Nicole Theodore, Editorial Editor

This summer, I woke almost every morning at 5 a.m. to go running before anyone else in Kosovo was awake. I laced up my shoes, walked out of my hotel in Prishtina, the capital of about 200,000 people, and ran the streets that would soon be busy with Kosovars going to work, street vendors haggling with customers and taxis dodging in and out of traffic. Prishtina is slowly on its way to becoming a modern city, filled with well-dressed young professionals and families looking towards a better future.

It was easy to forget that just 13 years ago innocent people were being murdered and tortured in these same streets I was quietly running on. During the 1999 war with Serbia, an estimated 7,000 to 9,000 Kosovar Albanians were killed and more than 800,000 ethnically cleansed from their homes, forced to leave maybe the only place they have ever known.

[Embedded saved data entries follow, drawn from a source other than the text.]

Lemma char_poly_spectral n (A : 'M[C]_n) : A \is normalmx ->
  char_poly A = \prod_i ('X - (spectral_diag A 0 i)%:P).
Proof.
move=> HA; rewrite {1}(spectral_decomp HA) char_poly_similar; last first.
  exact: unitarymx_trmxC_mul (spectral_unitarymx A).
rewrite char_poly_trig ?diag_mx_is_trig //.
by apply: eq_bigr => i _; rewrite mxE eqxx mulr1n.
Qed.

Lemma spectral_diag_perm_eq n (A : 'M[C]_n) (s : seq C) : A \is normalmx ->
  char_poly A = \prod_(x <- s) ('X - x%:P) ->
  perm_eq [seq spectral_diag A 0 i | i <- enum 'I_n] s.
Proof.
by move=> /char_poly_spectral -> E; apply: prod_XsubC_eq; rewrite -E big_map big_enum.
Qed.

Lemma root_char_poly_spectral n (A : 'M[C]_n) i : A \is normalmx ->
  root (char_poly A) (spectral_diag A 0 i).
Proof.
move=> /char_poly_spectral ->; rewrite rootE horner_prod.
by apply/prodf_eq0; exists i => //; rewrite hornerXsubC subrr.
Qed.

Lemma mxtrace_spectral n (A : 'M[C]_n) : A \is normalmx ->
  \tr A = \sum_i spectral_diag A 0 i.
Proof.
move=> HA; rewrite [in LHS](spectral_decomp HA) mxtrace_mulC mulmxA.
by rewrite (unitarymxP (spectral_unitarymx A)) mul1mx mxtrace_diag.
Qed.

Lemma residual_split n k (H : 'M[C]_n) (P Q : 'M[C]_(n, k)) (c : C) :
  P^t* *m P = 1%:M -> H *m (Q *m Q^t*) = (Q *m Q^t*) *m H ->
  H *m P - P *m (P^t* *m H *m P) =
    (1%:M - P *m P^t*) *m (H - c%:M) *m (1%:M - Q *m Q^t*) *m P
  + (1%:M - P *m P^t*) *m (Q *m Q^t*) *m (H - c%:M) *m P.
Proof.
move=> HP HQ; set Pi := Q *m Q^t*.
have Hc : (H - c%:M) *m Pi = Pi *m (H - c%:M) by rewrite mulmxBl mulmxBr HQ scalar_mxC.
have E : (H - c%:M) *m (1%:M - Pi) + Pi *m (H - c%:M) = H - c%:M.
  by rewrite mulmxBr mulmx1 Hc subrK.
transitivity ((1%:M - P *m P^t*) *m ((H - c%:M) *m (1%:M - Pi) + Pi *m (H - c%:M)) *m P);
  last by rewrite (mulmxDr _ ((H - c%:M) *m _)) (mulmxDl _ _ P) !mulmxA.
rewrite E mulmxBr (mulmxBl _ _ P) scalar_mxC -(mulmxA c%:M) (compl_proj_mulmx HP).
by rewrite mulmx0 subr0 (mulmxBl 1%:M) mul1mx (mulmxBl H) !mulmxA.
Qed.
Lemma integral_Rge0_gt0 G p : measurable_fun (@Rge0 R) G ->
  (forall x, 0 <= x -> 0 <= G x) -> {within @Rge0 R, continuous G} ->
  0 < p -> 0 < G p ->
  (0 < \int[lebesgue_measure]_(x in @Rge0 R) (G x)%:E)%E.
Proof.
move=> mG G0 cG p0 Gp0.
have [d /andP[d0 dp] Gd] := continuous_within_Rge0_lb cG p0 Gp0.
pose I : set R := `[p - d, p + d]%classic.
have mI : measurable I by exact: measurable_itv.
have IR : I `<=` @Rge0 R.
  by move=> y; rewrite /I /= in_itv /= Rge0E => /andP[y1 _]; lra.
have mGE : measurable_fun (@Rge0 R) (EFin \o G) by apply/measurable_EFinP.
apply: (@lt_le_trans _ _ (\int[lebesgue_measure]_(x in I) (cst (G p / 2)%:E) x)%E).
  rewrite integral_cst //; apply: mule_gt0; first by rewrite lte_fin; lra.
  change (0 < @lebesgue_measure R I)%E.
  rewrite /I lebesgue_measure_itv /= lte_fin.
  rewrite (_ : (p - d < p + d) = true); last by apply/idP; lra.
  by rewrite -EFinD lte_fin; lra.
apply: (@le_trans _ _ (\int[lebesgue_measure]_(x in I) (G x)%:E)%E).
  apply: ge0_le_integral => //.
  - by move=> x _ /=; rewrite lee_fin; lra.
  - exact: (measurable_funS measurable_Rge0 IR mGE).
apply: ge0_subset_integral => //; first exact: measurable_Rge0.
by move=> x; rewrite Rge0E /= lee_fin; exact: G0.
Qed.

Lemma continuous_within_expR_mul A g f :
  {within A, continuous g} -> {within A, continuous f} ->
  {within A, continuous (fun x => expR (g x) * f x)}.
Proof.
move=> cg cf; apply/subspace_continuousP => x Ax.
apply: cvgM; last exact: (subspace_continuousP _ _).1 cf x Ax.
exact: continuous_cvg (@continuous_expR R (g x))
  ((subspace_continuousP _ _).1 cg x Ax).
Qed.

Lemma exists_normalizing_shift f v w p :
  {within @Rge0 R, continuous f} -> (forall x, 0 <= x -> 0 <= f x) ->
  0 < p -> 0 < f p ->
  {within @Rge0 R, continuous v} -> {within @Rge0 R, continuous w} ->
  (forall x, w x <= v x) -> w p < v p ->
  intM f (fun x => expR (v x)) = 1%E ->
  exists2 c, 0 < c & intM f (fun x => expR (w x + c)) = 1%E.
Proof.
move=> cf f0 p0 fp cv cw wv wvp Iv.
pose G1 x := expR (w x) * f x.
pose G2 x := expR (v x) * f x - expR (w x) * f x.
have cG1 : {within @Rge0 R, continuous G1} := continuous_within_expR_mul cw cf.
have cG2 : {within @Rge0 R, continuous G2}.
  apply/subspace_continuousP => x Ax.
  by apply: cvgB; apply: (subspace_continuousP _ _).1 => //;
    exact: continuous_within_expR_mul.
have mG1 : measurable_fun (@Rge0 R) G1.
  exact: subspace_continuous_measurable_fun measurable_Rge0 cG1.
have mG2 : measurable_fun (@Rge0 R) G2.
  exact: subspace_continuous_measurable_fun measurable_Rge0 cG2.
have G10 x : 0 <= x -> 0 <= G1 x by move=> x0; rewrite mulr_ge0 ?expR_ge0 ?f0.
have G20 x : 0 <= x -> 0 <= G2 x.
  by move=> x0; rewrite /G2 -mulrBl mulr_ge0 ?f0 // subr_ge0 ler_expR.
have I1 := integral_Rge0_gt0 mG1 G10 cG1 p0 (mulr_gt0 (expR_gt0 _) fp).
have I2 := integral_Rge0_gt0 mG2 G20 cG2 p0
  ltac:(by rewrite /G2 -mulrBl mulr_gt0 // subr_gt0 ltr_expR).
have G0E (G : R -> R) : (forall x, 0 <= x -> 0 <= G x) ->
    forall x, Rge0 x -> (0 <= (G x)%:E)%E.
  by move=> G0 x; rewrite Rge0E lee_fin; exact: G0.
move: Iv; rewrite /intM.
have -> : (\int[lebesgue_measure]_(x in @Rge0 R) (expR (v x) * f x)%:E =
    \int[lebesgue_measure]_(x in @Rge0 R) ((G1 x)%:E + (G2 x)%:E))%E.
  apply: eq_integral => y _.
  by rewrite /= -(EFinD (G1 y)) /G1 /G2; congr (_%:E); ring.
have mE1 : measurable_fun (@Rge0 R) (EFin \o G1) by apply/measurable_EFinP.
have mE2 : measurable_fun (@Rge0 R) (EFin \o G2) by apply/measurable_EFinP.
have -> : (\int[lebesgue_measure]_(x in @Rge0 R) ((G1 x)%:E + (G2 x)%:E) =
    \int[lebesgue_measure]_(x in @Rge0 R) (G1 x)%:E +
    \int[lebesgue_measure]_(x in @Rge0 R) (G2 x)%:E)%E.
  apply: ge0_integralD => //; first exact: measurable_Rge0.
  - exact: G0E.
  - exact: G0E.
move: I1 I2.
case E1 : (\int[lebesgue_measure]_(x in @Rge0 R) (G1 x)%:E)%E => [r1| |] //=;
  case: (\int[lebesgue_measure]_(x in @Rge0 R) (G2 x)%:E)%E => [r2| |] //=.
rewrite !lte_fin => r10 r20 /eqP; rewrite -EFinD eqe => /eqP r12.
exists (- ln r1); first by rewrite oppr_gt0 ln_lt0 // r10; lra.
have -> : (\int[lebesgue_measure]_(x in @Rge0 R) (expR (w x - ln r1) * f x)%:E =
    \int[lebesgue_measure]_(x in @Rge0 R) ((expR (- ln r1))%:E * (G1 x)%:E))%E.
  by apply: eq_integral => y _; rewrite /= -EFinM /G1 expRD; congr (_%:E); ring.
have -> : (\int[lebesgue_measure]_(x in @Rge0 R) ((expR (- ln r1))%:E * (G1 x)%:E) =
    (expR (- ln r1))%:E * \int[lebesgue_measure]_(x in @Rge0 R) (G1 x)%:E)%E.
  apply: ge0_integralZl_EFin => //; [exact: measurable_Rge0|exact: G0E].
by rewrite E1 -EFinM expRN lnK ?posrE // mulVf // gt_eqF.
Qed.

End Integrals.

Lemma Lik_normalized (R : realType) (f : R -> R) n (x : 'I_n -> R) (v : R -> R) :
  intM f (fun t => expR (v t)) = 1%E ->
  Lik f x v = (n%:R^-1 * \sum_(k < n) v (x k))%:E.
Proof. by move=> Iv; rewrite /Lik Iv -EFinB -EFinD subrK. Qed.

Lemma Lik_shift (R : realType) (f : R -> R) n (x : 'I_n -> R) (v w : R -> R) c :
  (0 < n)%N -> intM f (fun t => expR (v t)) = 1%E ->
  intM f (fun t => expR (w t)) = 1%E -> (forall k, w (x k) = v (x k) + c) ->
  Lik f x w = (Lik f x v + c%:E)%E.
Proof.
move=> n0 Iv Iw wv; rewrite !Lik_normalized // -EFinD; congr EFin.
under eq_bigr => k _ do rewrite wv.
rewrite big_split /= sumr_const card_ord mulrDr -[c *+ n]mulr_natr mulrCA.
by rewrite mulVf ?mulr1 // pnatr_eq0 -lt0n.
Qed.

Lemma exists_three_increasing (R : realType) (B : set R) :
  ~ (exists s : seq R, (size s <= 2)%N /\ B `<=` [set` s]) ->
  exists t1 t2 t3, [/\ B t1, B t2, B t3, t1 < t2 & t2 < t3].
Proof.
move=> no2.
have [a Ba] : exists a, B a.
  apply: contrapT => N; apply: no2; exists [::]; split => // y By.
  by exfalso; apply: N; exists y.
have [b [Bb ba]] : exists b, B b /\ b != a.
  apply: contrapT => N; apply: no2; exists [:: a]; split => // y By /=.
  rewrite inE; apply: contrapT => /negP ya; apply: N; exists y; split => //.
have [c [Bc ca cb]] : exists c, [/\ B c, c != a & c != b].
  apply: contrapT => N; apply: no2; exists [:: a; b]; split => // y By /=.
  rewrite !inE; apply: contrapT => /negP; rewrite negb_or => /andP[ya yb].
  by apply: N; exists y; split.
case: (ltgtP a b) => [ab|ab|eab]; last by rewrite eab eqxx in ba.
all: case: (ltgtP b c) => [bc|bc|ebc]; last by rewrite ebc eqxx in cb.
all: case: (ltgtP a c) => [ac|ac|eac]; last by rewrite eac eqxx in ca.
all: first [ by exists a, b, c | by exists a, c, b | by exists b, a, c
           | by exists b, c, a | by exists c, a, b | by exists c, b, a
           | exfalso; lra ].
Qed.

Ghosts from the conflict still haunted the city - it was evident.

Running before the city was awake allowed me to see a different side of Kosovo apart from the business of it and the 24-hour nightlife.

I saw the pain in the dilapidated, burned-out buildings, I passed countless amount of graffiti condemning European Union Rule of Law Mission in Kosovo (EULEX) for sympathizing with Serbians, I saw the Serbian language crossed out completely on road signs, even though it is one of the national languages.

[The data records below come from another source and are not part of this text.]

(* Let $C\subset\mathbb{R}^2$ be a nonempty compact set such that $U(x,y)\cap C\neq\emptyset$ for all $x,y\in C$ with $x\neq y$, where $U(x,y)=U(x,|x-y|)\cap U(y,|x-y|)$. Then $C$ is connected.
   Context: For $z\in\mathbb{R}^2$ and $r>0$, $U(z,r)$ denotes the open disc with centre $z$ and radius $r$. The set $U(x,y)$ is called the circle pair region of $x$ and $y$. *)

(* R^2 modelled as R * R (product topology = Euclidean topology). *)
From HB Require Import structures.
From mathcomp Require Import all_boot all_order all_algebra.
From mathcomp Require Import all_classical all_reals all_analysis.
Set Implicit Arguments. Unset Strict Implicit. Unset Printing Implicit Defensive.
Import Order.TTheory GRing.Theory Num.Theory.
Import numFieldNormedType.Exports.
Local Open Scope classical_set_scope.
Local Open Scope ring_scope.

Definition edist {R : realType} (x y : R * R) : R :=
  Num.sqrt ((x.1 - y.1) ^+ 2 + (x.2 - y.2) ^+ 2).

Definition disc {R : realType} (z : R * R) (r : R) : set (R * R) :=
  [set p | edist z p < r].

Definition circle_pair {R : realType} (x y : R * R) : set (R * R) :=
  disc x (edist x y) `&` disc y (edist x y).

(** If [C] splits into two nonempty separated parts, both are compact, so
    some pair [a], [b] taken from different parts realises the distance
    between the parts.  Every point of the lens [U(a, b)] is strictly closer
    to [a] and to [b] than [a] and [b] are to each other, so it can lie in
    neither part; hence [U(a, b)] misses [C]. *)
From Pilot Require Import Defs.
From HB Require Import structures.
From mathcomp Require Import all_boot all_order all_algebra.
From mathcomp Require Import all_classical all_reals all_analysis.
Set Implicit Arguments. Unset Strict Implicit. Unset Printing Implicit Defensive.
Import Order.TTheory GRing.Theory Num.Theory.
Import numFieldNormedType.Exports.
Local Open Scope classical_set_scope.
Local Open Scope ring_scope.

Lemma separated_closedl (T : topologicalType) (A B : set T) :
  closed (A `|` B) -> separated A B -> closed A.
Proof.
move=> clAB [clA_B _] x clA_x.
have : (A `|` B) x by apply: clAB; apply: closureS clA_x => y Ay; left.
case=> // Bx.
by have : (closure A `&` B) x by []; rewrite clA_B.
Qed.

Lemma compact_setX_argmin (T : topologicalType) (R : realType)
    (f : T * T -> R) (A B : set T) :
  A !=set0 -> B !=set0 -> compact A -> compact B -> continuous f ->
  exists a b, [/\ A a, B b & forall x y, A x -> B y -> f (a, b) <= f (x, y)].
Proof.
move=> [a0 Aa0] [b0 Bb0] cA cB cf.
have AB0 : (A `*` B) !=set0 by exists (a0, b0).
have [[a b]] := compact_EVT_min AB0 (compact_setX cA cB) (continuous_subspaceT cf).
rewrite inE => -[Aa Bb] ab_min.
by exists a, b; split=> // x y Ax By; apply: ab_min; rewrite inE.
Qed.

(* [Defs.edist] is qualified because MathComp-Analysis has its own [edist]. *)
Lemma edistC (R : realType) (x y : R * R) : Defs.edist x y = Defs.edist y x.
Proof. by rewrite /Defs.edist -(opprB y.1) -(opprB y.2) !sqrrN. Qed.

Lemma edist_continuous (R : realType) :
  continuous (fun p : (R * R) * (R * R) => Defs.edist p.1 p.2).
Proof.
have coord (g : R * R -> R) (h : (R * R) * (R * R) -> R * R) :
    continuous g -> continuous h -> continuous (g \o h).
  by move=> cg ch q; apply: continuous_comp (ch q) (cg _).
have c1 : continuous (fun q : R * R => q.1) by move=> q; exact: cvg_fst.
have c2 : continuous (fun q : R * R => q.2) by move=> q; exact: cvg_snd.
have l : continuous (fun q : (R * R) * (R * R) => q.1) by move=> q; exact: cvg_fst.
have r : continuous (fun q : (R * R) * (R * R) => q.2) by move=> q; exact: cvg_snd.
have csqd : continuous (fun q : (R * R) * (R * R) =>
    (q.1.1 - q.2.1) ^+ 2 + (q.1.2 - q.2.2) ^+ 2).
  by move=> q; apply: cvgD; rewrite expr2; apply: cvgM; apply: cvgB; apply: coord.
by move=> p; exact: continuous_comp (csqd p) (@sqrt_continuous R _).
Qed.

Theorem mainTheorem1 (R : realType) (C : set (R * R)) :
  C !=set0 -> compact C ->
  (forall x y, C x -> C y -> x <> y -> circle_pair x y `&` C !=set0) ->
  connected C.
Proof.
move=> _ cC lens; apply: contrapT => /connectedPn[E [E0 CE sepE]].
have clC : closed C by apply: (compact_closed _ cC); exact: norm_hausdorff.
have sub b : E b `<=` C by rewrite CE; case: b => x Ex; [right|left].
have cE b : compact (E b).
  apply: subclosed_compact cC (sub b); move: clC; rewrite CE.
  case: b => clU; last exact: separated_closedl clU sepE.
  by rewrite setUC in clU; rewrite separatedC in sepE; exact: separated_closedl clU sepE.
have [a [b [Ea Eb ab_min]]] :=
  compact_setX_argmin (E0 false) (E0 true) (cE false) (cE true) (@edist_continuous R).
have ab : a <> b.
  move=> eab; suff : (E false `&` E true) a by rewrite separated_disjoint.
  by split=> //; rewrite eab.
have [z [[za zb] Cz]] := lens a b (sub _ _ Ea) (sub _ _ Eb) ab.
move: za zb; rewrite /disc /= => za zb.
move: Cz; rewrite CE => -[Ez|Ez].
- by have := lt_le_trans zb (ab_min z b Ez Eb); rewrite /= edistC ltxx.
- by have := lt_le_trans za (ab_min a z Ea Ez); rewrite ltxx.
Qed.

The feelings and pain are still intertwined in Kosovo's every day life and politics; you just need to take a look closer in the quiet scars slashed across Kosovo's infrastructure and its people.

Syria began to erupt as I ran through Prishtina and worked there this summer, and I couldn't help but be bothered by it. I started to think about what happened to Kosovars, Bosnians, Croats and other ethnicities during the '90s and what is now happening to Syrians.

The UN has estimated that already 100,000 plus have been killed in Syria and now there is potential evidence of chemical weapons being used on Syrians by Bashar al-Assad and his regime. Videos on YouTube have been posted by rebel groups of bodies of children and women lying dead with no signs of blunt trauma to them, their faces tinted blue, bodies convulsing - possible signs of suffocation from chemicals.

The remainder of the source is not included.